I think in general they work fine, but I wish web would get them switch out more often, doesn't have to be a newer modelo justo for them to reset them once in a while. With so much use and so many programs for everytype of protection, they end Up developing very anoying bugs.
Seriously — had mine for three years before it got switched, it had me throwing tantrums over how slow and bad it was toward the end. Seems the IT teams at all firms are loath to swap them out.
This is how my IT guy operates and he doesn’t understand why people, especially attorneys, don’t like him. Has nothing to do with a budget, he’s just a cheap fuck.
It's not the laptop -- look up the specs and the stuff they give us is actually pretty powerful and expensive. It's the software and bloatware we're loaded with, both for security and because everything is on the cloud so there's a constant lag.
Yea this should be far more upvoted. Our firm gives pretty nice Lenovos that are not cheap, but even brand new they lag because of all the security software.
Yeah these are $1500+ machines, plus usually upgraded RAM and other stuff. People here are comparing them to their personal macs that they don't ask more of than to stream Netflix while having 16 tabs open. It's apples and grapes. I actually know people at the firms that let you get a mac and they complain about tech just the same.
its hard to imagine that there is no laptop manufactured that can handle shitty law firm software though. and i will say at least my firm stupidly buys i5 dells that while just as expensive as i7 x1s, are dogshit.
I totally agree that if they actually cared about the problem they'd upgrade until it wasn't a problem anymore. That would probably mean getting $3000 laptops instead of $1500, and they're cheap. And, why stop at i7? There's a Lenovo Thinkpad that runs on i9, 128 Gig ram. It's $10k. https://www.lenovo.com/us/en/p/laptops/thinkpad/thinkpadp/thinkpad-p16-gen-2-(16-inch-intel)/21fa002bus
Of course, if they cared about the problem they wouldn't load us with bloatware to begin with, and they'd work with imanage etc to be less glitchy.
I'm not saying we can't complain about tech issues or that the laptops we're assigned aren't up to the task. But it's just not factual that they aren't good laptops. They're better than what you use for personal.
We just refreshed all of our tech. Per our IT guys, people were complaining about the weight of the X1. P series is sweet, but nobody is lugging that brick into the office.
Crazy how many people are still in the 1998 mentality of blaming slow performance on the hardware. I think phone/laptop marketers deserve a lot of credit for it
I mean, my gut reaction when my work laptop sucked was that it must be the laptop. I never had a thinkpad before, all I knew was it was slow and didn't look sexy. Meanwhile my personal laptop that I'd done research on is way better. Then I once googled the specs and price of the thinkpad and realized it didn't add up.
Was just given a new X1 on Thursday because my old thinkpad essentially stopped working. Don't worry, IT is too busy getting the summers' laptops set up to fully set up mine. So now I have 2 half working thinkpads until further notice.
HP and it’s awful.
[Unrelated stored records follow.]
(* There exists $r_0>0$ such that $\widehat{M}(r)\neq 0$ for all $r>r_0$, where $\widehat M$ is the function defined in the context.
   Context: For $r>\frac23$ let $u_b(r)\in(\frac65,\frac43)$ be the unique $u\in(\frac65,\frac43)$ with $2-u+2q(1-u)=0$ at $q=1+\sqrt{\frac{r+u-2}{r+0.1}}$. Set $q_{f,\pm}(r)=1\pm\sqrt{\frac{r}{r+0.1}}$, $q_{b,\pm}(r)=1\pm\sqrt{\frac{r+u_b(r)-2}{r+0.1}}$, $S(r)=(q_{f,+}-2q_{f,-})+(q_{b,+}-2q_{b,-})$, and let $(D_0(r),\mu_0(r))$ with $D_0(r)>0$ be the solution of $2+\mu=\tfrac12\sqrt{2D(r+0.1)}\,(q_{f,+}(r)-2q_{f,-}(r))$, $u_b(r)+\mu=-\tfrac12\sqrt{2D(r+0.1)}\,(q_{b,+}(r)-2q_{b,-}(r))$, i.e. $D_0=\frac{2(2-u_b)^2}{(r+0.1)S^2}$, $\mu_0=-2+\frac{(2-u_b)(q_{f,+}-2q_{f,-})}{S}$. Let $\phi(\chi)=\big(1+e^{-\frac{\sqrt2}{2}\chi}\big)^{-1}$, and for $j\in\{f,b\}$ let $\kappa_j=\frac12-\frac{q_{j,-}}{q_{j,+}}$, $I_j=\int_{-\infty}^{\infty}e^{-\sqrt2\kappa_j\chi}\phi'(\chi)^2d\chi$, $J_j^{(m)}=\int_{-\infty}^{\infty}e^{-\sqrt2\kappa_j\chi}\phi'(\chi)\phi(\chi)^m d\chi$ ($m=1,2,3$), all quantities depending on $r$. Define $\widehat M_f=-\frac{q_{f,+}D_0\sqrt2(q_{f,+}-2q_{f,-})}{2(\mu_0+2)}I_f$, $M_f=\frac{q_{f,+}}{2}\sqrt2(q_{f,+}-2q_{f,-})I_f+\frac{0.1}{r+0.1}J_f^{(1)}-2q_{f,+}J_f^{(2)}+q_{f,+}^2J_f^{(3)}$, $\widehat M_b=-\frac{q_{b,+}\sqrt2(q_{b,+}-2q_{b,-})}{2(\mu_0+u_b)}I_b$, $M_b=-\frac{q_{b,+}}{2}\sqrt2(q_{b,+}-2q_{b,-})I_b+\frac{u_b-2.1}{r+0.1}J_b^{(1)}+2q_{b,+}J_b^{(2)}-q_{b,+}^2J_b^{(3)}$, and $\widehat M(r)=\frac{M_b(r)}{\widehat M_b(r)}-\frac{M_f(r)}{\widehat M_f(r)}$. ($\widehat M$ is, up to a nonzero factor, the determinant of the Jacobian with respect to $(D,\mu)$ of the Melnikov functions measuring the splitting of the front and back connections in the Barkley traveling-wave system.) *)

From Stdlib Require Import Reals Lra ClassicalEpsilon.
From Coquelicot Require Import Coquelicot.
Open Scope R_scope.

(* u_b(r): the (unique) u in (6/5,4/3) with 2-u+2q(1-u)=0, q = 1+sqrt((r+u-2)/(r+0.1)).
   Chosen by Hilbert's epsilon; the context asserts existence and uniqueness for r>2/3. *)
Definition ub_prop (r u : R) : Prop :=
  6/5 < u < 4/3 /\
  2 - u + 2 * (1 + sqrt ((r + u - 2) / (r + 1/10))) * (1 - u) = 0.

Definition ub (r : R) : R := epsilon (inhabits 0) (ub_prop r).

Definition qfp (r : R) : R := 1 + sqrt (r / (r + 1/10)).
Definition qfm (r : R) : R := 1 - sqrt (r / (r + 1/10)).
Definition qbp (r : R) : R := 1 + sqrt ((r + ub r - 2) / (r + 1/10)).
Definition qbm (r : R) : R := 1 - sqrt ((r + ub r - 2) / (r + 1/10)).
Lemma natr_3k1_neq0 k : (k <= N)%N -> k != m -> (3 * k).+1%:R != 0 :> R.
Proof.
move=> kN km; rewrite -(dvdn_pcharf pR); apply/negP => /dvdnP [q hq].
move/eqP: km; rewrite p_eq in hq; case: q hq => [|[|q]] hq; nia.
Qed.

Definition binom_antideriv : {poly R} :=
  \sum_(k < N.+1 | k != m :> nat) (c k / (3 * k).+1%:R) *: 'X^((3 * k).+1).
Local Notation G := binom_antideriv.

Lemma horner1_binom_antideriv :
  G.[1] = \sum_(k < N.+1 | k != m :> nat) c k / (3 * k).+1%:R.
Proof.
rewrite horner_sum; apply: eq_bigr => k _.
by rewrite hornerZ hornerXn expr1n mulr1.
Qed.

Lemma exprw_central_binom : w ^+ N = \sum_(k < N.+1) c k *: 'X^(3 * k).
Proof.
rewrite exprDn; apply: eq_bigr => k _.
rewrite expr1n mul1r (central_binom_pchar pR (N := N)); [|lia|by rewrite -ltnS].
rewrite -scalerA scaler_nat -mul_polyC rmorphXn /= polyCN polyC_natr.
by rewrite exprM -mulNr exprMn.
Qed.

Lemma deriv_binom_antideriv : G^`() = w ^+ N - c m *: 'X^(3 * m).
Proof.
have m_lt : (m < N.+1)%N by lia.
rewrite exprw_central_binom (bigD1 (Ordinal m_lt)) //= addrAC subrr add0r raddf_sum.
apply: eq_big => // k km /=; rewrite derivZ derivXn -scaler_nat scalerA divfK //.
by rewrite natr_3k1_neq0 // -ltnS.
Qed.

Lemma null_coef_sum_binom_antideriv : null_coef_sum G = 0.
Proof.
rewrite linear_sum big1 // => k km; rewrite linearZ /= null_coef_sumXn.
by rewrite (negbTE (natr_3k1_neq0 _ km)) ?mulr0 // -ltnS.
Qed.

Lemma integral01_exprw : integral01 (w ^+ N) = G.[1].
Proof.
rewrite -[w ^+ N](subrK (c m *: 'X^(3 * m))) -deriv_binom_antideriv.
rewrite linearD linearZ /= integral01Xn.
have -> : (3 * m).+1 = p by lia.
rewrite (pcharf0 pR) invr0 mulr0 addr0.
by rewrite horner1_integral01_deriv null_coef_sum_binom_antideriv addr0.
Qed.

Let pRX : p \in [pchar {poly R}]. Proof. by rewrite pchar_poly. Qed.

Lemma exprp_subst_num : Q ^+ p = 1 - 'X^(3 * p).
Proof. by rewrite -(pFrobenius_autE pRX) rmorphB rmorph1 /= pFrobenius_autE exprM. Qed.

Lemma exprp_X3_add2 : ('X^3 + 2%:R : {poly R}) ^+ p = 'X^(3 * p) + 2%:R.
Proof. by rewrite -(pFrobenius_autE pRX) rmorphD rmorph_nat /= pFrobenius_autE exprM. Qed.

(* S^(2p) G(Q/S), the substitution y = Q/S cleared of denominators. *)
Definition binom_subst : {poly R} := \sum_(k < N.+1 | k != m :> nat)
  (c k / (3 * k).+1%:R) *: (Q ^+ (3 * k).+1 * S ^+ (N + 3 * (N - k)).+1).
Local Notation K := binom_subst.

Lemma horner1_binom_subst : K.[1] = 0.
Proof.
have Q1 : Q.[1] = 0 by rewrite !hornerE expr1n subrr.
rewrite horner_sum big1 // => k _.
by rewrite hornerZ hornerM horner_exp Q1 expr0n mul0r mulr0.
Qed.

Lemma deriv_binom_subst :
  K^`() = wr * \sum_(k < N.+1 | k != m :> nat) c k *: (Q ^+ (3 * k) * S ^+ (N + 3 * (N - k))).
Proof.
rewrite linear_sum mulr_sumr; apply: eq_bigr => k km /=.
have kN : (k <= N)%N by rewrite -ltnS.
rewrite derivZ deriv_exp_mul_exp; last first.
  by rewrite (_ : (_ + _).+2 = 2 * p)%N ?natrM ?(pcharf0 pR) ?mulr0 //; lia.
by rewrite -scaler_nat scalerA divfK ?natr_3k1_neq0 // scalerAr.
Qed.

Lemma sum_binom_subst_terms : \sum_(k < N.+1) c k *: (Q ^+ (3 * k) * S ^+ (N + 3 * (N - k)))
  = S ^+ N * (S ^+ 3 - 4%:R * Q ^+ 3) ^+ N.
Proof.
rewrite exprDn mulr_sumr; apply: eq_bigr => k _.
rewrite (central_binom_pchar pR (N := N)); [|lia|by rewrite -ltnS].
rewrite -mul_polyC rmorphM rmorphXn /= polyCN polyC_natr polyC_natr.
rewrite exprD [S ^+ (3 * (N - k))]exprM [Q ^+ (3 * k)]exprM.
rewrite -[- (4%:R * _)]mulNr [(_ * Q ^+ 3) ^+ k]exprMn.
move: (S ^+ N) ((S ^+ 3) ^+ (N - k)) ((Q ^+ 3) ^+ k) ((- 4%:R) ^+ k) => A B C D.
by rewrite -mulr_natl; ring.
Qed.

Lemma wronskian_substE : wr = - (3%:R * 'X * ('X^3 + 2%:R)).
Proof. by rewrite !derivE /=; ring. Qed.

Lemma wronskian_mul_sum_binom_subst_terms : wr * (S ^+ N * (S ^+ 3 - 4%:R * Q ^+ 3) ^+ N) =
  (- 3%:R) ^+ N.+1 *: (('X^(4 * p) + 2%:R *: 'X^p) * w ^+ N).
Proof.
have -> : ('X^(4 * p) + 2%:R *: 'X^p : {poly R}) = 'X^p * ('X^3 + 2%:R) ^+ p.
  rewrite exprp_X3_add2 mulrDr -exprD scaler_nat mulr_natr.
  by rewrite (_ : 4 * p = p + 3 * p)%N //; lia.
(* 1 - 4 (Q/S)^3 = - w (X^3 + 2)^2 / S^3 *)
have curve : S ^+ 3 - 4%:R * Q ^+ 3 = - (w * ('X^3 + 2%:R) ^+ 2) by ring.
have exprp y : y ^+ p = y * (y ^+ 2) ^+ N :> {poly R}.
  by rewrite p_eq exprS -exprM mulnA.
rewrite wronskian_substE curve !exprp -mul_polyC rmorphXn /= polyCN polyC_natr.
rewrite [(- 3%:R) ^+ N.+1]exprS -[- (w * _)]mulN1r -[- 3%:R]mulN1r.
rewrite [(-1 * 3%:R) ^+ N]exprMn [(-1 * _) ^+ N]exprMn [(w * _) ^+ N]exprMn [S ^+ N]exprMn.
move: ((-1) ^+ N) (3%:R ^+ N) (('X^2) ^+ N) (w ^+ N) ((('X^3 + 2%:R) ^+ 2) ^+ N).
by move=> a b c d e; ring.
Qed.
(* Let $\mathbf{S}=\mathbf{V}\boldsymbol{\Lambda}\mathbf{V}^{\mathsf{H}}$ and $\hat{\mathbf{S}}$ be $N\times N$ graph shift operators. Let $\mathbf{E}=\mathbf{S}-\mathbf{P}_0^{\mathsf{T}}\hat{\mathbf{S}}\mathbf{P}_0$, where $\mathbf{P}_0\in\mathcal{P}$ attains $\min_{\mathbf{P}\in\mathcal{P}}\|\mathbf{S}-\mathbf{P}^{\mathsf{T}}\hat{\mathbf{S}}\mathbf{P}\|$ (the absolute perturbation modulo permutation), with eigendecomposition $\mathbf{E}=\mathbf{U}\mathbf{M}\mathbf{U}^{\mathsf{H}}$, and assume $$\|\mathbf{S}-\hat{\mathbf{S}}\|_{\mathcal{P}}=\|\mathbf{E}\|\le\varepsilon.$$ Then for any Lipschitz filter $\mathbf{h}$ with Lipschitz constant $C$, $$\|\mathbf{H}(\mathbf{S})-\mathbf{H}(\hat{\mathbf{S}})\|_{\mathcal{P}}\le C\left(1+\delta\sqrt{N}\right)\varepsilon+\mathcal{O}(\varepsilon^2),$$ where $\delta:=(\|\mathbf{U}-\mathbf{V}\|_2+1)^2-1$ is the eigenvector misalignment between $\mathbf{S}$ and $\mathbf{E}$.
   Context: A graph shift operator is a real symmetric $N\times N$ matrix; $\mathbf{S}=\mathbf{V}\boldsymbol{\Lambda}\mathbf{V}^{\mathsf{H}}$ with $\mathbf{V}$ orthonormal eigenvectors and $\boldsymbol{\Lambda}$ diagonal eigenvalues; likewise $\mathbf{U}$ orthonormal and $\mathbf{M}$ diagonal for $\mathbf{E}$. $\|\cdot\|$ and $\|\cdot\|_2$ denote the spectral (operator) norm for matrices and Euclidean norm for vectors. $\mathcal{P}$ is the set of $N\times N$ permutation matrices. For linear operators, $\|\mathbf{A}-\hat{\mathbf{A}}\|_{\mathcal{P}}=\min_{\mathbf{P}\in\mathcal{P}}\max_{\|\mathbf{x}\|=1}\|\mathbf{P}^{\mathsf{T}}(\mathbf{A}\mathbf{x})-\hat{\mathbf{A}}(\mathbf{P}^{\mathsf{T}}\mathbf{x})\|$. A filter is a coefficient sequence $\mathbf{h}=\{h_k\}_{k\ge0}$ defining $\mathbf{H}(\mathbf{S})=\sum_k h_k\mathbf{S}^k$ and frequency response $h(\lambda)=\sum_k h_k\lambda^k$ (an analytic function), required to satisfy $|h(\lambda)|\le1$. The filter is Lipschitz with constant $C>0$ if $|h(\lambda_2)-h(\lambda_1)|\le C|\lambda_2-\lambda_1|$ for all $\lambda_1,\lambda_2$. $\mathcal{O}(\varepsilon^2)$ denotes a term bounded by a constant times $\varepsilon^2$. *)

From HB Require Import structures.
From mathcomp Require Import all_boot all_order all_algebra perm.
From mathcomp Require Import all_classical all_reals all_analysis.
Set Implicit Arguments. Unset Strict Implicit. Unset Printing Implicit Defensive.
Import Order.TTheory GRing.Theory Num.Theory numFieldNormedType.Exports.
Local Open Scope classical_set_scope.
Local Open Scope ring_scope.
Lemma sum_draws_setC (h : T -> V) :
  \sum_(s : {set T} | #|s| == k) \sum_(i in ~: s) h i = \sum_i h i *+ 'C(#|T|.-1, k).
Proof.
rewrite (exchange_big_dep xpredT) //; apply: eq_bigr => i _.
rewrite -subn1 -(cards1 i) -card_draws_subsetC -sumr_const.
by apply: eq_bigl => s; rewrite !inE finset.subsetC finset.sub1set inE.
Qed.

Lemma sum_draws_setC2 (h : T -> T -> V) :
  \sum_(s : {set T} | #|s| == k) \sum_(i in ~: s) \sum_(j in ~: s) h i j =
  \sum_i \sum_j h i j *+ 'C(#|T| - #|[set i; j]|, k).
Proof.
rewrite (exchange_big_dep xpredT) //; apply: eq_bigr => i _.
rewrite (exchange_big_dep xpredT) //; apply: eq_bigr => j _.
rewrite -card_draws_subsetC -sumr_const; apply: eq_bigl => s.
by rewrite !inE finset.subsetC finset.subUset !finset.sub1set !inE andbA.
Qed.
End sums_over_draws.

Section ordinal_pairs.
Variables (V : nmodType) (n : nat).

Lemma sum_ord_pairs (f : 'I_n -> 'I_n -> V) :
  \sum_i \sum_j f i j = \sum_i f i i + \sum_(i < n) \sum_(j < n | (i < j)%N) (f i j + f j i).
Proof.
have split_row i : \sum_j f i j =
    f i i + (\sum_(j < n | (i < j)%N) f i j + \sum_(j < n | (j < i)%N) f i j).
  rewrite (bigD1 i) //=; congr (_ + _); rewrite (bigID (fun j : 'I_n => (i < j)%N)) /=.
  by congr (_ + _); apply: eq_bigl => j; rewrite -(inj_eq val_inj) /=; case: ltngtP.
under eq_bigr do rewrite split_row.
rewrite !big_split /=; congr (_ + _); under [RHS]eq_bigr do rewrite big_split /=.
rewrite big_split /=; congr (_ + _).
by rewrite (exchange_big_dep xpredT).
Qed.

Lemma sum_ord_pairs_small (f : 'I_n -> 'I_n -> V) :
  (n <= 1)%N -> \sum_(i < n) \sum_(j < n | (i < j)%N) f i j = 0.
Proof.
move=> n_le1; rewrite big1 // => i _; rewrite big1 // => j ij.
by have := ltn_ord j; lia.
Qed.

End ordinal_pairs.

Lemma sqr_sum_ord (R : comNzRingType) n (a : 'I_n -> R) :
  (\sum_i a i) ^+ 2 = \sum_i a i ^+ 2 + 2 * \sum_(i < n) \sum_(j < n | (i < j)%N) a i * a j.
Proof.
rewrite expr2 mulr_suml; under eq_bigr do rewrite mulr_sumr.
rewrite sum_ord_pairs mulr_sumr; congr (_ + _); apply: eq_bigr => i _.
by rewrite mulr_sumr; apply: eq_bigr => j _; ring.
Qed.

Local Open Scope classical_set_scope.

Section subsampling.
Context {R : realType} {d : measure_display} {Omega : measurableType d}.
Context (P : probability Omega R) {n : nat} (n1 : nat) (S : Omega -> {set 'I_n}).
Variables (X : {set 'I_n} -> 'I_n -> Omega -> R) (e1 : 'I_n -> R) (e2 : 'I_n -> 'I_n -> R).
Hypothesis n1_lt_n : (n1 < n)%N.
Hypothesis mS : forall s, measurable [set w | S w = s].
Hypothesis PS : forall s : {set 'I_n}, P [set w | S w = s] =
  (if #|s| == n1 then ('C(n, n1)%:R)^-1 else 0)%:E.
Hypothesis mX : forall s i, measurable_fun setT (X s i).
Hypothesis iX2 : forall s i, P.-integrable setT (EFin \o (fun w => X s i w ^+ 2)).
Hypothesis condE_X : forall (s : {set 'I_n}) (i : 'I_n), #|s| = n1 -> i \notin s ->
  condE P (X s i) [set w | S w = s] = e1 i.
Hypothesis condE_XX : forall (s : {set 'I_n}) (i j : 'I_n),
  #|s| = n1 -> i \notin s -> j \notin s ->
  condE P (fun w => X s i w * X s j w) [set w | S w = s] = e2 i j.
Loaded with so much bloatware and malware programs that doing anything takes twice as long as it should. They “upgraded” laptops a year ago and somehow the newer models were slower and with worse battery life.
This is almost certainly a result of the apps we use and not the laptop. I have a Dell with an i7 it should run anything I throw at it. But with all the it controls, imanage integration, and remote shit running in the background it still gets hot and chuggy when I try to do anything in it.
Is it too conspiratorial to think that firms are deliberately issuing shitty hardware (or at least not bothering to get decent tech setups in place) because any time spent waiting for a Word doc to load, browser to open, etc. means more billables?
I don't think it's a conspiracy it's more like a partner complains that they want a certain functionality, so IT pushes an addon to everyone, and now Word takes another 20 seconds to load.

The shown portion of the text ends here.